The main hypothesis here was that different food ingredients, when consumed, will have a different effect on stimulating gall bladder emptying. To investigate this we designed two randomized, investigator-blind, cross-over studies in healthy subjects using magnetic resonance imaging (MRI) to measure gall bladder volumes serially and non-invasively. Study 1 was an exploratory study evaluating the effects of 10 different food ingredients on gall bladder emptying in eight healthy subjects. The ingredients selected were all approved for use in the EU, a mix of technology and occasion driven food ingredients, and were chosen based on their potential ability to stimulate gall bladder emptying. Study 2 was a mechanistic study aiming at investigating the CCK dose response to the best performing ingredient from Study 1. These studies would also provide insights on normal fasting gall bladder volume ranges and their coefficients of variation.

Subjects and methods

Study design

Both studies obtained local University Medical School Research Ethics Committee approval, and all subjects gave informed written consent. The study was carried out according to Good Clinical Practice principles. All test products, Case Report Forms and study monitoring were provided by the sponsor.

The inclusion criteria were male or female, 18–45 years of age, healthy, with body mass index (BMI) 20–30 kg/m2. Exclusion criteria comprised pregnancy, any history of serious acute or chronic illnesses, alcohol and/or substance abuse, the presence of implant or devices in the body that are contraindicated for MRI (for example, pace makers, metal implants), use of medication that may interfere with gastrointestinal physiology and the use of sterol/stanol margarine and/or fiber supplement 30 days before and/or during the course of the study. The subjects were instructed to fast overnight for at least 8 h before the study period. On each study day, they filled in a questionnaire to confirm they followed study restrictions and eligibility.

The operator who processed the data was kept blinded to the randomization code by the investigator who dispensed the test meals and saved the image files from the MRI scanner in a blind manner. The code was broken only after data processing and blind data review were completed.

The MRI images were used to calculate the volume of the gall bladder at each specified time interval as described below, and the percentage (%) of gall bladder volume change from baseline and the area under the curve (AUC) between t=−5 and t=65 min were derived.

The primary end point was the maximum % gall bladder volume change between t=−5 and t=65 min by test product. This was chosen as primary end point, as it takes into account the maximum gall bladder volume change occurring over the whole postprandial period investigated and also normalizes each subject’s gall bladder to the starting fasted time point on each study day, making it easier to carry out comparisons in these multiple ways studies.
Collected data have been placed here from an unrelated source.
Lemma convex_mem_of_near_cross_polytope m (kappa : 'M[C]_n) (B : 'I_m -> 'M[C]_n)
    (eta : 'I_m -> bool -> 'M[C]_n) (r c : R) :
  (0 < m)%N -> 0 < r -> 2 * m%:R * c <= r -> (forall k s, S (eta k s)) ->
  (forall k s, exists2 d : 'I_m -> R,
     eta k s = kappa + (if s then r else - r)%:C *: B k + \sum_l (d l)%:C *: B l &
     forall l, `|d l| <= c) ->
  S kappa.
Proof.
move=> m_gt0 r_gt0 mc_le_r S_eta eta_near.
have /fin_all_exists [d dP] : forall ks : 'I_m * bool, exists d : 'I_m -> R,
    eta ks.1 ks.2 = kappa + (if ks.2 then r else - r)%:C *: B ks.1 + \sum_l (d l)%:C *: B l
    /\ forall l, `|d l| <= c.
  by move=> [k s]; have [d ? ?] := eta_near k s; exists d.
have [t [t01 t_bal]] :=
  cross_polytope_balance (d := fun k s => d (k, s)) r_gt0 mc_le_r (fun k s => (dP (k, s)).2).
pose z k := (t k)%:C *: eta k true + (1 - t k)%:C *: eta k false.
have zE k : z k = kappa + ((2 * t k - 1) * r)%:C *: B k +
    \sum_l (t k * d (k, true) l + (1 - t k) * d (k, false) l)%:C *: B l.
  by rewrite /z (dP (k, true)).1 (dP (k, false)).1 convex_comb_cross_pair.
have sum_z : \sum_k z k = kappa *+ m.
  rewrite (eq_bigr _ (fun k _ => zE k)) !big_split /= sumr_const card_ord -addrA.
  rewrite exchange_big /= -[RHS]addr0; congr (_ + _).
  under [X in _ + X]eq_bigr do rewrite -scaler_suml -rmorph_sum.
  rewrite -big_split /= big1 // => l _.
  by rewrite -scalerDl -rmorphD t_bal scale0r.
have m_neq0 : (m%:R : R) != 0 by rewrite pnatr_eq0 -lt0n.
have -> : kappa = \sum_k (m%:R^-1)%:C *: z k.
  rewrite -scaler_sumr sum_z -scaler_nat scalerA fmorphV rmorph_nat.
  by rewrite mulVf ?scale1r // pnatr_eq0 -lt0n.
apply: convex_set_comb => [k | | k]; first by rewrite invr_ge0 ler0n.
  by rewrite sumr_const card_ord -[_ *+ m]mulr_natl mulfV.
exact: S_convex.
Qed.
End ConvexCombinations.

Lemma approx_at_common_index (T : eqType) (S : nat -> T -> Prop) (I : finType)
    (P : I -> T -> Prop) :
  (forall k x, S k x -> S k.+1 x) -> (forall i, exists N x, S N x /\ P i x) ->
  exists N (x : I -> T), forall i, S N (x i) /\ P i (x i).
Proof.
move=> S_mono /(_ _) approx.
have S_le k l x : (k <= l)%N -> S k x -> S l x.
  by move=> /subnK <-; elim: (l - k)%N => // j IH /IH /S_mono.
have /fin_all_exists [Nx Nx_ok] : forall i, exists Nx : nat * T, S Nx.1 Nx.2 /\ P i Nx.2.
  by move=> i; have [N [x ?]] := approx i; exists (N, x).
exists (\max_i (Nx i).1), (fun i => (Nx i).2) => i; have [SNx PNx] := Nx_ok i.
by split => //; apply: S_le SNx; apply: (leq_bigmax (F := fun i => (Nx i).1)).
Qed.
The secondary end points were the gall bladder volume for each individual time point by test product, the % gall bladder at volume change at t=45 min, the AUC for gall bladder volume and the time to maximum gall bladder volume change.

Study 1

Eight subjects were recruited and they all completed the 10-way study. They were five men and three women, 26.5±8 years old with BMI 22.5±0.6 kg/m2.
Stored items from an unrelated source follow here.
Lemma deg_sq_sum_le : deg_sq_sum w <= max_degree * deg_sum w.
Proof.
rewrite /deg_sq_sum /deg_sum big_distrr /=; apply: leq_sum => a _.
by rewrite -mulnn leq_mul2r (@leq_bigmax _ (degree w) a) orbT.
Qed.

(* a set of pairwise related positions of size k carries k (k - 1) related pairs *)
Lemma clique_bound (B : {set 'I_N}) :
  {in B &, forall b c, b != c -> w b c} -> #|B| * #|B| <= deg_sum w + #|B|.
Proof.
move=> clique.
have inner b : b \in B -> #|B| - 1 <= degree w b.
  move=> hb; apply: leq_trans (_ : #|B :\ b| <= _); first by rewrite (cardsD1 b B) hb add1n subn1.
  rewrite -sum1_card /degree [X in _ <= X](bigID (mem (B :\ b))) /=.
  apply: leq_trans _ (leq_addr _ _).
  by apply: leq_sum => c; rewrite !inE => /andP[hcb hc]; rewrite clique // eq_sym.
have : \sum_(b in B) (#|B| - 1) <= deg_sum w.
  apply: leq_trans (_ : \sum_(b in B) degree w b <= _); first exact: leq_sum.
  by rewrite /deg_sum [X in _ <= X](bigID (mem B)) leq_addr.
rewrite sum_nat_const mulnBr muln1; lia.
Qed.

End DegreeBounds.

Lemma deg_sums_mono N (w w' : 'I_N -> 'I_N -> bool) : (forall a b, w a b -> w' a b) ->
  deg_sum w <= deg_sum w' /\ deg_sq_sum w <= deg_sq_sum w'.
Proof.
move=> ww'; have deg a : degree w a <= degree w' a.
  by apply: leq_sum => b _; case: (w a b) (ww' a b) => // ->.
by split; apply: leq_sum => a _; rewrite ?leq_exp2r.
Qed.

(* The quantities of the graph expressed through the two relations: the
   degree sums count the wedges and future-closed wedges twice, and the wedge
   degree of an edge is O(sqrt W) since the wedges at an edge {u, v} split
   into two cliques of the wedge relation (the edges through u, resp. v). *)
Section StreamDegrees.
Variables (V : finType) (es : seq {set V}).
Hypothesis simple : simple_stream es.
Local Notation N := (size es).
Local Notation e := (@edge_at V es).
Local Notation wedge := (@wedge_rel V es).
Local Notation fc := (@fc_rel V es).

Lemma deg_sum_wedge : deg_sum wedge = 2 * num_wedges es.
Proof.
rewrite /deg_sum /degree pair_bigA.
by rewrite -(card_increasing_pairs (@wedge_rel_sym V es) (@wedge_rel_irr V es)).
Qed.

Lemma deg_sum_fc : deg_sum fc = 2 * num_triangles es.
Proof.
rewrite /deg_sum /degree pair_bigA.
rewrite -(card_increasing_pairs (@fc_rel_sym V es) (@fc_rel_irr V es)).
rewrite -(card_fc_positions simple); congr (2 * _); apply: eq_card => p.
rewrite !inE /fc_rel /fc_pair; case: (ltnP p.1 p.2) => h /=.
  by rewrite {2}/future_closed ltnNge (ltnW h) /= orbF.
by rewrite /future_closed ltnNge h.
Qed.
The subjects consumed one of 10 test products at each of the 10 test visits (one week apart from each other) based on a computer-generated randomization schedule. The products comprised emulsions, yogurt, coffee, tea and semi-skimmed milk as specified in Supplementary Table 1. At each test visit, an MRI scan of the abdomen encompassing the gall bladder was obtained at fasted baseline before consumption of the food product (t=−5 min) and after that at times t=5, 15, 25, 35, 45, 55 and 65 min post ingestion of the test product, for a total of eight scans at each visit. Additional analysis investigated the correlation of maximum % gall bladder volume change between t=−5 and t=65 min with fat, protein and volume characteristics of the test products.

Study 2

Twenty-two subjects were recruited. One subject withdrew after two occasions, and hence 21 subjects completed the 4-way study. They were 11 men and 10 women, 27±8 years old with body mass index (BMI) 22.5±0.6 kg/m2. Four of these 21 subjects failed to give at least one blood sample (for example because a blocked cannula) so there were n=17 completed subjects available for the plasma CCK analysis.
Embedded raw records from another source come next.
(* $\widehat{\mathbb{C}^{\mathcal{D}_0}}$ is an algebraically closed field, $\widehat{\mathbb{R}^{\mathcal{D}_0}}$ is a real closed field, and $\widehat{\mathbb{C}^{\mathcal{D}_0}}=\widehat{\mathbb{R}^{\mathcal{D}_0}}\oplus i\,\widehat{\mathbb{R}^{\mathcal{D}_0}}$.
   Context: Fix $d\in\mathbb{N}$ and let $\mathcal{D}_0=\mathcal{D}(\mathbb{R}^d)$ (compactly supported $C^\infty$ functions $\mathbb{R}^d\to\mathbb{C}$). For $\varphi\in\mathcal{D}_0$ let $R_\varphi=\sup\{\|x\|:\varphi(x)\neq0\}$ if $\varphi\neq0$, $R_0=1$. For $n\in\mathbb{N}$, $\mathcal{D}_n$ is the set of $\varphi\in\mathcal{D}_0$ that are real-valued, even, with $R_\varphi\le1/n$, $\int\varphi=1$, $\int x^\alpha\varphi(x)dx=0$ for $1\le|\alpha|\le n$, $\int|\varphi|\le1+1/n$, and $\sup_x|\partial^\alpha\varphi(x)|\le R_\varphi^{-2(|\alpha|+d)}$ for $|\alpha|\le n$. Let $\mathfrak c=\mathrm{card}(\mathbb{R})$ and let $\mathcal{U}$ be a fixed free ultrafilter on $\mathcal{D}_0$ containing every $\mathcal{D}_n$ and which is $\mathfrak{c}^+$-good (for every $\Gamma\subseteq\mathcal{D}_0$ with $\mathrm{card}\,\Gamma\le\mathfrak c$ and every map $R$ from finite subsets of $\Gamma$ into $\mathcal{U}$ with $X\subseteq Y\Rightarrow R(X)\supseteq R(Y)$, there is a map $S$ from finite subsets of $\Gamma$ into $\mathcal U$ with $S(X\cup Y)=S(X)\cap S(Y)$ and $S(X)\subseteq R(X)$). A property $P(\varphi)$ holds a.e. if $\{\varphi\in\mathcal{D}_0:P(\varphi)\}\in\mathcal{U}$. A net is a map $\mathcal{D}_0\to\mathbb{C}$, written $(A_\varphi)$. $\mathcal{M}(\mathbb{C}^{\mathcal{D}_0})$ is the set of nets for which there is $m\in\mathbb{N}$ with $|A_\varphi|\le R_\varphi^{-m}$ a.e.; $\mathcal{N}(\mathbb{C}^{\mathcal{D}_0})$ is the set of nets with $|A_\varphi|<R_\varphi^{p}$ a.e. for every $p\in\mathbb{N}$. $\widehat{\mathbb{C}^{\mathcal{D}_0}}=\mathcal{M}(\mathbb{C}^{\mathcal{D}_0})/\mathcal{N}(\mathbb{C}^{\mathcal{D}_0})$ with pointwise ring operations; $\widehat{A_\varphi}$ is the class of $(A_\varphi)$; $\widehat{\mathbb{R}^{\mathcal{D}_0}}$ is the set of classes of real-valued moderate nets. $\mathbb{C}$ embeds via constant nets. *)

From HB Require Import structures.
From mathcomp Require Import all_boot all_order all_algebra.
From mathcomp Require Import all_classical all_reals all_analysis.
From mathcomp Require Import complex.

Set Implicit Arguments.
Unset Strict Implicit.
Unset Printing Implicit Defensive.

Import Order.TTheory GRing.Theory Num.Theory.
Import numFieldNormedType.Exports.
Local Open Scope classical_set_scope.
Local Open Scope ring_scope.

Section ColombeauDefs.
Variables (R : realType) (d : nat).

Local Notation V := 'rV[R]_d.

Definition enorm (x : V) : R := Num.sqrt (\sum_(i < d) x ord0 i ^+ 2).

Definition cmod (z : R[i]) : R := Num.sqrt (complex.Re z ^+ 2 + complex.Im z ^+ 2).

Definition evec (i : 'I_d) : V := delta_mx ord0 i.

Definition partialR (i : 'I_d) (f : V -> R) : V -> R :=
  fun x => derive f x (evec i).

Definition iter_partialR (l : seq 'I_d) (f : V -> R) : V -> R :=
  foldr partialR f l.

Definition smoothR (f : V -> R) : Prop :=
  forall l : seq 'I_d, continuous (iter_partialR l f) /\
    forall (i : 'I_d) (x : V), derivable (iter_partialR l f) x (evec i).

Definition is_test (phi : V -> R[i]) : Prop :=
  smoothR (fun x => complex.Re (phi x)) /\ smoothR (fun x => complex.Im (phi x)) /\
  exists r : R, forall x, r < enorm x -> phi x = 0.

Definition D0 := {phi : V -> R[i] | is_test phi}.

Definition Rphi (phi : D0) : R :=
  if pselect (sval phi = (fun _ => 0)) then 1
  else sup [set enorm x | x in [set x | sval phi x <> 0]].

Definition mabs (alpha : 'I_d -> nat) : nat := (\sum_(i < d) alpha i)%N.

Definition mlist (alpha : 'I_d -> nat) : seq 'I_d :=
  flatten [seq nseq (alpha i) i | i <- enum 'I_d].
The subjects consumed one of four test products at each of the four test visits (1 week apart from each other) based on a computer-generated randomization schedule. The products comprised milk-based, ready-to-drink beverages based on the results of Study 1. They were 150 ml milk-based drinks that contained the same amount of protein (9 g) and the same amount of plant stanol ester (2.23 g) but increasing amounts of fat (1.5 g, 3.5 g, 6.5 g, 10 g fat, respectively).

At each test visit, an intravenous cannula was inserted in a forearm vein by an experienced research nurse. A MRI scan of the abdomen encompassing the gall bladder was obtained at fasted baseline before consumption of the food product (t=−5 min) and after that at times t=5, 15, 25, 35, 45, 55 and 65 min post-ingestion of the test product, for a total of eight scans at each visit. After each MRI scan, a blood sample was drawn from an intravenous cannula for CCK analysis.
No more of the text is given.